34. Adults raised in alcoholic homes have special challenges

By Tom O'Connell

People who have been raised in the emotional shadows of alcoholic households enter adult life suffering from the profound effects of their upbringing. Psychologically, they have been scarred the way veterans of combat have been scarred. And to escape the pain of facing the emotional issues that haunt them, they often turn to addictive lifestyles.

Therapist Robert Subby has keen insight into the challenges adult children of alcoholics (ACOAs) face in adult life. The director of Family Systems Center in Edina, Minnesota, reports that most adult children are looking for unconditional love, but their unfinished business interferes with their current behavior, impairing their relationships. Co-dependency is a serious problem for them.

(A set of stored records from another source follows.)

(* Let $m\ge3$. The Terwilliger algebra $T=T(x_0)$ of the doubled Odd graph $2.O_{m+1}$ coincides with the centralizer algebra $\mathcal{A}$ of the stabilizer of $x_0$ in $\mathrm{Aut}(2.O_{m+1})$.
   Context: $S=\{1,\dots,2m+1\}$, $X=\binom{S}{m}\cup\binom{S}{m+1}$; the doubled Odd graph $2.O_{m+1}$ has vertex set $X$, two vertices adjacent iff one is a proper subset of the other, with distance $\partial$. $x_0=\{1,\dots,m\}$. $T$ is the subalgebra of complex $X\times X$ matrices generated by the adjacency matrix $A_1$ and the diagonal matrices $E^*_i$ ($0\le i\le 2m+1$) with $(y,y)$-entry $1$ iff $\partial(x_0,y)=i$. The stabilizer of $x_0$ in $\mathrm{Aut}(2.O_{m+1})$ is $G=\mathrm{Sym}(x_0)\times\mathrm{Sym}(S\setminus x_0)$ acting naturally on $X$; $\mathcal{A}$ is the set of complex $X\times X$ matrices $B$ with $B_{\sigma(y),\sigma(z)}=B_{y,z}$ for all $\sigma\in G$, $y,z\in X$. *)

From mathcomp Require Import all_boot all_order all_algebra all_fingroup.
Unset Printing Implicit Defensive.
Import GRing.Theory Num.Theory.
Local Open Scope ring_scope.

(* The ground set S = {1,...,2m+1} is modelled by 'I_(2m+1) = {0,...,2m}. *)
Definition S (m : nat) := 'I_(m.*2.+1).

Definition Xpred (m : nat) (A : {set S m}) : bool :=
  (#|A| == m) || (#|A| == m.+1).

Definition X (m : nat) : finType := {A : {set S m} | Xpred m A}.

Definition adj (m : nat) (A B : {set S m}) : bool :=
  (A \proper B) || (B \proper A).

(* x0 = {1,...,m}, i.e. {0,...,m-1} in our labelling *)
Definition x0 (m : nat) : {set S m} := [set i : S m | (i < m)%N].

Fixpoint ball (m : nat) (k : nat) : {set {set S m}} :=
  match k with
  | 0 => [set x0 m]
  | k'.+1 => ball m k' :|:
      [set B : {set S m} | Xpred m B && [exists A in ball m k', adj m A B]]
  end.

Definition dist (m : nat) (y : X m) (i : nat) : bool :=
  (val y \in ball m i) && ((i == 0)%N || (val y \notin ball m i.-1)).

Notation Mx C m := 'M[C]_(#|X m|).

Definition entry (C : nzRingType) (m : nat) (B : Mx C m) (y z : X m) : C :=
  B (enum_rank y) (enum_rank z).

Definition A1 (C : nzRingType) (m : nat) : Mx C m :=
  \matrix_(i, j) (adj m (val (enum_val i)) (val (enum_val j)))%:R.

Definition Estar (C : nzRingType) (m : nat) (k : nat) : Mx C m :=
  \matrix_(i, j) ((i == j) && dist m (enum_val i) k)%:R.

Inductive inT (C : nzRingType) (m : nat) : Mx C m -> Prop :=
  | inT_A1 : inT C m (A1 C m)
  | inT_E (k : nat) : (k <= m.*2.+1)%N -> inT C m (Estar C m k)
  | inT_1 : inT C m 1%:M
  | inT_add B D : inT C m B -> inT C m D -> inT C m (B + D)
  | inT_scale (c : C) B : inT C m B -> inT C m (c *: B)
  | inT_mul B D : inT C m B -> inT C m D -> inT C m (B *m D).

Lemma act_Xpred (m : nat) (s : {perm S m}) (y : X m) : Xpred m (s @: val y).
Proof. rewrite /Xpred card_imset; [exact: (valP y) | exact: perm_inj]. Qed.

Definition actX (m : nat) (s : {perm S m}) (y : X m) : X m :=
  exist _ (s @: val y) (act_Xpred m s y).

(* G = Sym(x0) x Sym(S \ x0): permutations of S fixing x0 setwise *)
Definition inG (m : nat) (s : {perm S m}) : bool := s @: x0 m == x0 m.

Definition inCent (C : nzRingType) (m : nat) (B : Mx C m) : Prop :=
  forall s : {perm S m}, inG m s ->
    forall y z : X m, entry C m B (actX m s y) (actX m s z) = entry C m B y z.

From Pilot Require Import Defs.
From mathcomp Require Import all_boot all_order all_algebra all_fingroup zify.

Set Implicit Arguments.
Unset Strict Implicit.
Unset Printing Implicit Defensive.
Import GRing.Theory Num.Theory.

(* A vertex Y lies at distance |x0 \ Y| + |Y \ x0| from x0, so G fixes every
   E*_i and preserves A_1: T is contained in the centralizer algebra.  The
   G-orbit of a pair (Y, Z) is determined by the two distances and by
   |(x0 \ Y) ∩ (x0 \ Z)| and |(Y \ x0) ∩ (Z \ x0)|; call the sum of the
   last two the overlap.  Walk from Y to Z, each step moving towards Z, and let
   M = E*_{i0} A_1 E*_{i1} ... A_1 E*_{ik} for its distance sequence.  M is
   nonnegative, with support the pairs joined by a walk with these distances.
   Along any walk x0 \ Y grows only on steps up from odd distance and Y \ x0
   only on steps up from even distance; the chosen walk attains both counts, so
   the support of M is the orbit of (Y, Z) plus pairs of larger overlap.
   Eliminating orbits in order of decreasing overlap puts every G-invariant
   matrix in T. *)

Section SetDifference.
Variable T : finType.
Implicit Types (A B C : {set T}) (k : T).

Lemma cards_setD1_setD A k : #|(A :\ k) :\: A| = 0%N.
Proof. by apply/eqP; rewrite cards_eq0 setD_eq0 subD1set. Qed.

Lemma cards_setU1_setD A k : #|(k |: A) :\: A| = (k \notin A).
Proof. by move: (cardsID A (k |: A)); rewrite (setIidPr (subsetU1 _ _)) cardsU1; lia. Qed.

Lemma card_setD_between A B C : A :&: C \subset B -> B \subset A :|: C ->
  #|C :\: A| = (#|B :\: A| + #|C :\: B|)%N.
Proof.
move=> /subsetP sACB /subsetP sBAC; rewrite -(cardsID B (C :\: A)).
congr (_ + _)%N; apply: eq_card => u; move: (sACB u) (sBAC u) => /implyP + /implyP;
  by rewrite !inE; case: (u \in A); case: (u \in B); case: (u \in C).
Qed.

Lemma card_setD_triangle A B C : (#|C :\: A| <= #|B :\: A| + #|C :\: B|)%N.
Proof.
apply: leq_trans (leq_card_setU (B :\: A) (C :\: B)); apply: subset_leq_card.
by apply/subsetP => u; rewrite !inE; case: (u \in A); case: (u \in B); case: (u \in C).
Qed.

End SetDifference.

Section Layers.
Variables (T : finType) (m : nat).
Implicit Types (Y Z : {set T}) (k : T).

Definition in_layers Y := (#|Y| == m) || (#|Y| == m.+1).

Definition nested Y Z := (Y \proper Z) || (Z \proper Y).

Lemma nested_layers Y Z : in_layers Y -> in_layers Z -> nested Y Z ->
  (#|Y| = m /\ exists2 k, k \notin Y & Z = k |: Y) \/
  (#|Y| = m.+1 /\ exists2 k, k \in Y & Z = Y :\ k).
Proof.
rewrite /in_layers => hY hZ /orP[] /[dup] /proper_card ltc /properP[sub [k kin kout]].
- left; split; first lia.
  exists k => //; apply/eqP; rewrite eq_sym eqEcard subUset sub1set kin sub.
  by rewrite cardsU1 kout; lia.
- right; split; first lia.
  exists k => //; apply/eqP; rewrite eqEcard subsetD1 sub kout.
  by move: (cardsD1 k Y); rewrite kin; lia.
Qed.

Lemma exists_nested_between Y Z : in_layers Y -> in_layers Z -> Y != Z ->
  exists2 Y', in_layers Y' & [/\ nested Y Y', Y :&: Z \subset Y' & Y' \subset Y :|: Z].
Proof.
rewrite /in_layers => hY hZ neYZ; case/orP: (hY) => /eqP cY.
- have /subsetPn[k kZ kY] : ~~ (Z \subset Y).
    by apply: contra neYZ => sZY; rewrite eq_sym eqEcard sZY; lia.
  exists (k |: Y); first by rewrite cardsU1 kY cY eqxx orbT.
  split; first by rewrite /nested properUr ?sub1set.
    exact: subset_trans (subsetIl _ _) (subsetU1 _ _).
  by rewrite subUset sub1set inE kZ orbT subsetUl.
- have /subsetPn[k kY kZ] : ~~ (Y \subset Z).
    by apply: contra neYZ => sYZ; rewrite eqEcard sYZ; lia.
  exists (Y :\ k); first by move: (cardsD1 k Y); rewrite kY cY => /= [[->]]; rewrite eqxx.
  split; first by rewrite /nested properD1 ?orbT.
    by rewrite subsetD1 subsetIl inE (negbTE kZ) andbF.
  exact: subset_trans (subD1set _ _) (subsetUl _ _).
Qed.

End Layers.

(* From odd distance (|Y| = m + 1) a step deletes a point, from even distance
   it adds one; the step goes up exactly when it enlarges [missing], resp.
   [extra] (see [card_missing_step] and [card_extra_step]). *)
Definition up_odd (i j : nat) : nat := odd i && (j == i.+1).
Definition up_even (i j : nat) : nat := ~~ odd i && (j == i.+1).

Lemma up_odd_succ i : up_odd i i.+1 = odd i.
Proof. by rewrite /up_odd eqxx andbT. Qed.

Lemma up_even_succ i : up_even i i.+1 = ~~ odd i.
Proof. by rewrite /up_even eqxx andbT. Qed.

Lemma up_odd_pred i : up_odd i.+1 i = 0%N.
Proof. by rewrite /up_odd ltn_eqF ?andbF. Qed.

Lemma up_even_pred i : up_even i.+1 i = 0%N.
Proof. by rewrite /up_even ltn_eqF ?andbF. Qed.

Section Levels.
Variables (T : finType) (m : nat) (x0 : {set T}).
Hypothesis card_x0 : #|x0| = m.
Implicit Types (Y Z : {set T}) (k : T).
Local Notation in_layers := (in_layers m).

Definition missing Y := x0 :\: Y.
Definition extra Y := Y :\: x0.
Definition level Y := (#|missing Y| + #|extra Y|)%N.
(* Let $q$ be a prime, $m\geq 3$, and let $D'$ be an abelian group of order $q^{m+1}$. Suppose that: (1) $D'$ contains at least two subgroups of order $q^{m-1}$ and one of them, say $A'$, is cyclic; (2) $A'$ contains a subgroup $A_1'$ of order $q$ such that $D'/A_1'\cong C_q\times C_{q^{m-1}}$. Then $D'$ is isomorphic to $C_q\times C_{q^m}$ or to $C_{q^2}\times C_{q^{m-1}}$. Moreover, if $m\geq 4$, or if $D'$ contains a noncyclic subgroup $W'$ of order $q^2$ such that $|W'\cap A'|=q$ and $D'/W'$ is cyclic, then $D'\cong C_q\times C_{q^m}$.
   Context: $C_n$ denotes the cyclic group of order $n$. *)

From mathcomp Require Import all_boot all_fingroup all_solvable all_algebra.
Set Implicit Arguments. Unset Strict Implicit. Unset Printing Implicit Defensive.

(* The external direct product C_a x C_b of two cyclic groups, realized as
   Zp a x Zp b inside the product finGroupType 'Z_a * 'Z_b.
   (Only used with a, b >= 2 in the statement, where #|Zp a| = a.) *)
Definition CxC (a b : nat) : {group ('Z_a * 'Z_b)%type} :=
  setX_group (Zp a) (Zp b).

From mathcomp Require Import all_boot all_fingroup all_solvable all_algebra.
From mathcomp Require Import zify.
Set Implicit Arguments.
Unset Strict Implicit.
Unset Printing Implicit Defensive.

(* The exponent of D is q^e with m - 1 <= e <= m + 1, as D contains the cyclic
   A of order q^(m-1); e = m + 1 is impossible since D/A1 is not cyclic.
   If e = m, a cyclic subgroup of maximal order has a complement, of order q.
   If e = m - 1, then D/A1 has the same exponent as D, so some y of order
   q^(m-1) has <y> meeting A1 trivially; as A1 = Ohm_1(A) for the cyclic
   q-group A, <y> meets A trivially too.  Then q^(2(m-1)) = |A<y>| <= q^(m+1)
   forces m = 3 and D = A x <y> = C_{q^2} x C_{q^2}.  In that group
   Ohm_1 = Mho^1 = Phi has order q^2, so a noncyclic W of order q^2, being
   elementary abelian, is Phi(D), and D/W is elementary abelian of order q^2. *)

Lemma Zp_cyclic n : 1 < n -> cyclic (Zp n).
Proof. by move=> n_gt1; rewrite /Zp n_gt1 Zp_cycle cycle_cyclic. Qed.

Section CyclicProduct.

Local Open Scope group_scope.

Variables a b : nat.
Hypotheses (a_gt1 : 1 < a) (b_gt1 : 1 < b).

Lemma CxC_dprod : exists H K : {group ('Z_a * 'Z_b)%type},
  [/\ H \x K = CxC a b, cyclic H, #|H| = a, cyclic K & #|K| = b].
Proof.
have isoA := isog_setX1 ('Z_b) (Zp_group a).
have isoB := isog_set1X ('Z_a) (Zp_group b).
exists (setX_group (Zp_group a) 1), (setX_group 1 (Zp_group b)); split.
- exact: setX_dprod.
- by rewrite -(isog_cyclic isoA) Zp_cyclic.
- by rewrite -(card_isog isoA) card_Zp // ltnW.
- by rewrite -(isog_cyclic isoB) Zp_cyclic.
- by rewrite -(card_isog isoB) card_Zp // ltnW.
Qed.

Lemma dprod_isog_CxC (gT : finGroupType) (G H K : {group gT}) :
  H \x K = G -> cyclic H -> cyclic K -> #|H| = a -> #|K| = b ->
  G \isog CxC a b.
Proof.
move=> defG cycH cycK oH oK.
have [H' [K' [defC cycH' oH' cycK' oK']]] := CxC_dprod.
apply: (isog_dprod defG defC); rewrite isog_cyclic_card //.
  by rewrite cycH' oH' oH eqxx.
by rewrite cycK' oK' oK eqxx.
Qed.

Lemma exponent_CxC : exponent (CxC a b) = lcmn a b.
Proof.
have [H [K [defC cycH oH cycK oK]]] := CxC_dprod.
by rewrite -(dprod_exponent defC) !exponent_cyclic // oH oK.
Qed.

Lemma cyclic_CxC : cyclic (CxC a b) = coprime a b.
Proof.
have [H [K [defC cycH oH cycK oK]]] := CxC_dprod.
by rewrite (cyclic_dprod defC) // oH oK.
Qed.

End CyclicProduct.

Section FiniteGroupFacts.

Local Open Scope group_scope.

Variable gT : finGroupType.
Implicit Types (G H K W : {group gT}) (p : nat).

Lemma exponent_card_cyclic G : nilpotent G -> exponent G = #|G| -> cyclic G.
Proof.
move=> nilG; have [x Gx ->] := exponent_witness nilG => ox.
apply/cyclicP; exists x; apply/eqP.
by rewrite eq_sym eqEcard cycle_subG Gx -orderE ox leqnn.
Qed.

Lemma p2group_noncyclic_abelem p W :
  prime p -> #|W| = (p ^ 2)%N -> ~~ cyclic W -> p.-abelem W.
Proof.
move=> p_pr oW ncycW; have cWW := card_p2group_abelian p_pr oW.
have [k k_le2 eW] : exists2 k, k <= 2 & exponent W = (p ^ k)%N.
  by apply/dvdn_pfactor; rewrite // -oW exponent_dvdn.
have k_neq2 : k != 2.
  apply: contra ncycW => /eqP k2.
  by apply: exponent_card_cyclic (abelian_nil cWW) _; rewrite eW oW k2.
rewrite abelemE // cWW eW -{2}(expn1 p) dvdn_Pexp2l ?prime_gt1 //; lia.
Qed.

Lemma Ohm1_cyclic_pgroup p G H :
  prime p -> cyclic G -> p.-group G -> H \subset G -> #|H| = p ->
  'Ohm_1(G) = H.
Proof.
move=> p_pr cycG pG sHG oH.
have ntG : G :!=: 1.
  by rewrite -cardG_gt1 (leq_trans (prime_gt1 p_pr)) // -oH subset_leq_card.
apply/eqP; rewrite (eq_subG_cyclic cycG) ?Ohm_sub //.
by rewrite oH (Ohm1_cyclic_pgroup_prime cycG pG ntG).
Qed.

Lemma coset_order_TI H y :
  y \in 'N(H) -> #[coset H y] = #[y] -> H :&: <[y]> = 1.
Proof.
move=> Ny oy; have := Lagrange (subsetIl <[y]> H).
rewrite indexgI -card_quotient ?cycle_subG // quotient_cycle // -!orderE oy.
move/eqP; rewrite -{2}(mul1n #[y]) eqn_pmul2r ?order_gt0 // setIC => /eqP oI.
by apply/eqP; rewrite trivg_card1 oI.
Qed.

Lemma exponent_quotient_witness G H :
  nilpotent G -> G \subset 'N(H) -> exponent (G / H) = exponent G ->
  exists y, [/\ y \in G, #[y] = exponent G & H :&: <[y]> = 1].
Proof.
move=> nilG nHG eGH; have [u Qu ou] := exponent_witness (quotient_nil H nilG).
have [y Ny Gy defu] := morphimP Qu; rewrite {u Qu}defu in ou.
have oy : #[coset H y] = #[y].
  by apply/eqP; rewrite eqn_dvd morph_order // -ou eGH dvdn_exponent.
exists y; split=> //; first by rewrite -oy -ou.
exact: coset_order_TI.
Qed.

Lemma abelian_isog_CxC_exponent p k G :
  prime p -> 0 < k -> abelian G ->
  #|G| = (p ^ k.+1)%N -> exponent G = (p ^ k)%N -> G \isog CxC p (p ^ k).
Proof.
move=> p_pr k_gt0 cGG oG eG.
have [x Gx ox] := exponent_witness (abelian_nil cGG).
have [K /complP[tiK defG]] := splitsP (abelian_splits Gx (esym ox) cGG).
have sKG : K \subset G by rewrite -defG mulG_subr.
have dG : K \x <[x]> = G.
  by rewrite dprodC dprodE // (sub_abelian_cent2 cGG) // cycle_subG.
have ox' : #|<[x]>| = (p ^ k)%N by rewrite -orderE -ox eG.
have oK : #|K| = p.
  have pk_gt0 : 0 < (p ^ k)%N by rewrite expn_gt0 prime_gt0.
  apply/eqP; rewrite -(eqn_pmul2r pk_gt0) [(p * _)%N]mulnC -expnSr -oG.
  by rewrite -(dprod_card dG) ox'.
apply: (dprod_isog_CxC _ _ dG); rewrite ?cycle_cyclic ?prime_cyclic ?oK //.
- exact: prime_gt1.
- by rewrite -(expn0 p) ltn_exp2l ?prime_gt1.
Qed.

Lemma Ohm1_Mho1_cycle p (x : gT) :
  prime p -> #[x] = (p ^ 2)%N -> 'Ohm_1(<[x]>) = 'Mho^1(<[x]>).
Proof.
move=> p_pr ox; have px : p.-elt x by rewrite /p_elt ox pnatX pnat_id.
by rewrite (Ohm_p_cycle 1 px) (Mho_p_cycle 1 px) ox pfactorK.
Qed.

Lemma dprod_p2_cycles_quotient_noncyclic p G H K W :
  prime p -> H \x K = G -> cyclic H -> cyclic K ->
  #|H| = (p ^ 2)%N -> #|K| = (p ^ 2)%N ->
  W \subset G -> #|W| = (p ^ 2)%N -> ~~ cyclic W -> ~~ cyclic (G / W).
Proof.
move=> p_pr defG cycH cycK oH oK sWG oW ncycW.
have oG : #|G| = (p ^ 4)%N by rewrite -(dprod_card defG) oH oK -expnD.
have pG : p.-group G by rewrite /pgroup oG pnatX pnat_id.
have cGG : abelian G.
  by case/dprodP: defG => _ <- cHK _; rewrite abelianM !cyclic_abelian.
have [[h defH] [k defK]] := (cyclicP cycH, cyclicP cycK).
have OM : 'Ohm_1(G) = 'Mho^1(G).
  rewrite -(Ohm_dprod 1 defG) -(Mho_dprod 1 defG) defH defK.
  by rewrite !(Ohm1_Mho1_cycle p_pr) // orderE -?defH -?defK.
have oO : #|'Ohm_1(G)| = (p ^ 2)%N.
  apply: (@expIn 2) => //.
  by rewrite expnS expn1 {2}OM mul_card_Ohm_Mho_abelian // oG -expnM.
have defW : W :=: 'Phi(G).
  apply/eqP; rewrite (Phi_Mho pG cGG) -OM eqEcard oW oO leqnn andbT.
  by rewrite -(Ohm1_id (p2group_noncyclic_abelem p_pr oW ncycW)) OhmS.
have oQ : #|G / W| = (p ^ 2)%N.
  rewrite card_quotient ?sub_abelian_norm // -divgS // oG oW.
  by rewrite (_ : 4 = 2 + 2) // expnD mulnK // expn_gt0 prime_gt0.
rewrite (abelem_cyclic (_ : p.-abelem (G / W))) ?oQ ?pfactorK //.
by rewrite defW; apply: Phi_quotient_abelem.
Qed.

End FiniteGroupFacts.

Section Lemma6p1Hypotheses.

Local Open Scope group_scope.

Variables (gT : finGroupType) (D A A1 : {group gT}) (q n : nat).
Hypotheses (q_pr : prime q) (n_gt1 : 1 < n) (cDD : abelian D).
Hypotheses (oD : #|D| = (q ^ n.+2)%N) (sAD : A \subset D).
Hypotheses (oA : #|A| = (q ^ n)%N) (cycA : cyclic A).
Hypotheses (sA1A : A1 \subset A) (oA1 : #|A1| = q).
Hypothesis isoQ : D / A1 \isog CxC q (q ^ n).

Let q_gt1 : 1 < q := prime_gt1 q_pr.
Let qn_gt1 : 1 < (q ^ n)%N.
Proof. by rewrite -(expn0 q) ltn_exp2l // ltnW. Qed.

Lemma exponent_quotient_A1 : exponent (D / A1) = (q ^ n)%N.
Proof.
rewrite (exponent_isog isoQ) exponent_CxC //; apply/lcmn_idPr.
by rewrite -{1}(expn1 q) dvdn_exp2l // ltnW.
Qed.

Lemma quotient_A1_noncyclic : ~~ cyclic (D / A1).
Proof.
rewrite (isog_cyclic isoQ) cyclic_CxC // coprime_pexpr ?(ltnW n_gt1) //.
by rewrite /coprime gcdnn gtn_eqF.
Qed.

Lemma exponent_bounds :
  exists2 e, n <= e <= n.+2 & exponent D = (q ^ e)%N.
Proof.
have [e le_e_n2 eD] : exists2 e, e <= n.+2 & exponent D = (q ^ e)%N.
  by apply/dvdn_pfactor; rewrite // -oD exponent_dvdn.
exists e => //; rewrite le_e_n2 andbT -(dvdn_Pexp2l _ _ q_gt1) -eD -oA.
by rewrite -exponent_cyclic // exponentS.
Qed.

Lemma exponent_neq_card : exponent D != #|D|.
Proof.
apply: contra quotient_A1_noncyclic => /eqP eD.
exact/quotient_cyclic/exponent_card_cyclic/eD/abelian_nil.
Qed.

Lemma exponent_min_dprod :
  exponent D = (q ^ n)%N ->
  n = 2 /\ exists y, A \x <[y]> = D /\ #[y] = (q ^ n)%N.
Proof.
move=> eD; have nA1D := sub_abelian_norm cDD (subset_trans sA1A sAD).
have [y [Dy oy tiA1y]] := exponent_quotient_witness (abelian_nil cDD) nA1D
  (etrans exponent_quotient_A1 (esym eD)).
rewrite eD in oy.
have pA : q.-group A by rewrite /pgroup oA pnatX pnat_id.
have tiAy : A :&: <[y]> = 1.
  rewrite setIC; apply: TI_Ohm1.
  by rewrite (Ohm1_cyclic_pgroup q_pr cycA pA sA1A oA1) setIC.
have defAy : A \x <[y]> = A * <[y]>.
  by rewrite dprodE // (sub_abelian_cent2 cDD) // cycle_subG.
have sAyD : A * <[y]> \subset D by rewrite mul_subG // cycle_subG.
have oAy : #|A * <[y]>| = (q ^ (n + n))%N.
  by rewrite TI_cardMg // oA -orderE oy expnD.
have n2 : n = 2.
  have := subset_leq_card sAyD; rewrite oAy oD leq_exp2l //; lia.
split=> //; exists y; split=> //; rewrite defAy.
by apply/eqP; rewrite eqEcard sAyD oAy oD n2 leq_exp2l.
Qed.

End Lemma6p1Hypotheses.

Theorem lemma6p1 (gT : finGroupType) (D A A1 : {group gT}) (q m : nat) :
  prime q -> 3 <= m ->
  abelian D -> #|D| = q ^ m.+1 ->
  (* (1) at least two subgroups of order q^(m-1), one of which is A, cyclic *)
  A \subset D -> #|A| = q ^ m.-1 -> cyclic A ->
  (exists B : {group gT}, [/\ B \subset D, #|B| = q ^ m.-1 & B != A]) ->
  (* (2) A1 <= A of order q with D/A1 isomorphic to C_q x C_{q^(m-1)} *)
  A1 \subset A -> #|A1| = q ->
  (D / A1)%g \isog CxC q (q ^ m.-1) ->
  (D \isog CxC q (q ^ m) \/ D \isog CxC (q ^ 2) (q ^ m.-1)) /\
  ((4 <= m \/
    exists W : {group gT},
      [/\ W \subset D, #|W| = q ^ 2, ~~ cyclic W,
          #|W :&: A| = q & cyclic (D / W)%g]) ->
   D \isog CxC q (q ^ m)).
Proof.
move=> q_pr m_ge3 cDD oD sAD oA cycA _ sA1A oA1 isoQ.
case: m m_ge3 oD oA isoQ => [|n] // n_gt1 oD oA isoQ.
have [e /andP[le_n_e le_e_n2] eD] := exponent_bounds q_pr oD sAD oA cycA.
have e_cases : e = n \/ e = n.+1 \/ e = n.+2 by lia.
case: e_cases eD => [-> | [-> | ->]] eD.
- have [n2 [y [defD oy]]] :=
    exponent_min_dprod q_pr n_gt1 cDD oD sAD oA cycA sA1A oA1 isoQ eD.
  subst n; have oy' : #|<[y]>%g| = q ^ 2 by rewrite -orderE.
  have q2_gt1 : 1 < q ^ 2 by rewrite -(expn0 q) ltn_exp2l ?prime_gt1.
  split.
    by right; apply: dprod_isog_CxC defD _ _ oA oy'; rewrite ?cycle_cyclic.
  case=> [// | [W [sWD oW ncycW _ cycDW]]].
  by case/negP: (dprod_p2_cycles_quotient_noncyclic q_pr defD cycA
    (cycle_cyclic y) oA oy' sWD oW ncycW).
- have isoD := abelian_isog_CxC_exponent q_pr (ltn0Sn n) cDD oD eD.
  by split; first left.
- by case/negP: (exponent_neq_card q_pr n_gt1 cDD isoQ); rewrite eD oD.
Qed.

A candid man at the podium, Subby tells his colleagues, "Co-dependents are frustrating to work with because they keep repeating the same cycles." He describes co-dependency as "a fashion of coping learned from living in a dysfunctional family." Co-dependents have a difficult time knowing where they leave off and other people begin.

Subby says adults who were raised in the chaos of alcoholism often feel schizophrenic and have conversations with themselves due to their tendency to isolate. He also notes, "They're impulsive and when they decide to fix a relationship; they work it out alone, from a covert agenda."

Describing the emotional intensity ACOAs carry, he says, "They have to cope with free-floating anxiety and feelings without any connection. And they have to manage fears they don't understand." Considering what they have lived through, such anxiety is normal, but ACOAs find that hard to believe. They don't feel normal. In the lives they have experienced, dysfunction is the norm.

A major problem for ACOAs, says this therapist, is getting their hearts and heads together. "They live life by omission. They omit who they are, and replace it by who they think they should be." They are "divided spirits," he says. "They don't feel okay about what they think and feel."

Subby reports that ACOAs wonder about their place in the cosmos, whether there is a God, what God expects from them, and what their purpose in life is. Not that ACOAs are the only ones who do this, but ACOAs tend to do things more excessively than others. According to Subby, it's even common for them to dream they are showing up for an appointment with no clothes on, signing up for a course and not showing up, and running down streets that have no end. 

"They're attending life with only half of them there," he says. "They're looking for what normal is." And they're into pain avoidance. "To escape from pain, they build their lives on outside reality. But if you are what you do, and then you don't do it, you aren't!" So, ACOAs often have identity problems.

In relationships, they tend to be jealous because they fear abandonment, and are afraid of losing a piece of themselves and suffering humiliation if their loss becomes public. They also find it hard to leave home.

Since many ACOAs become alcoholics themselves, or take on other addictions, the goal of therapists with these clients is to help them recover their emotional lives. That is a splendid goal.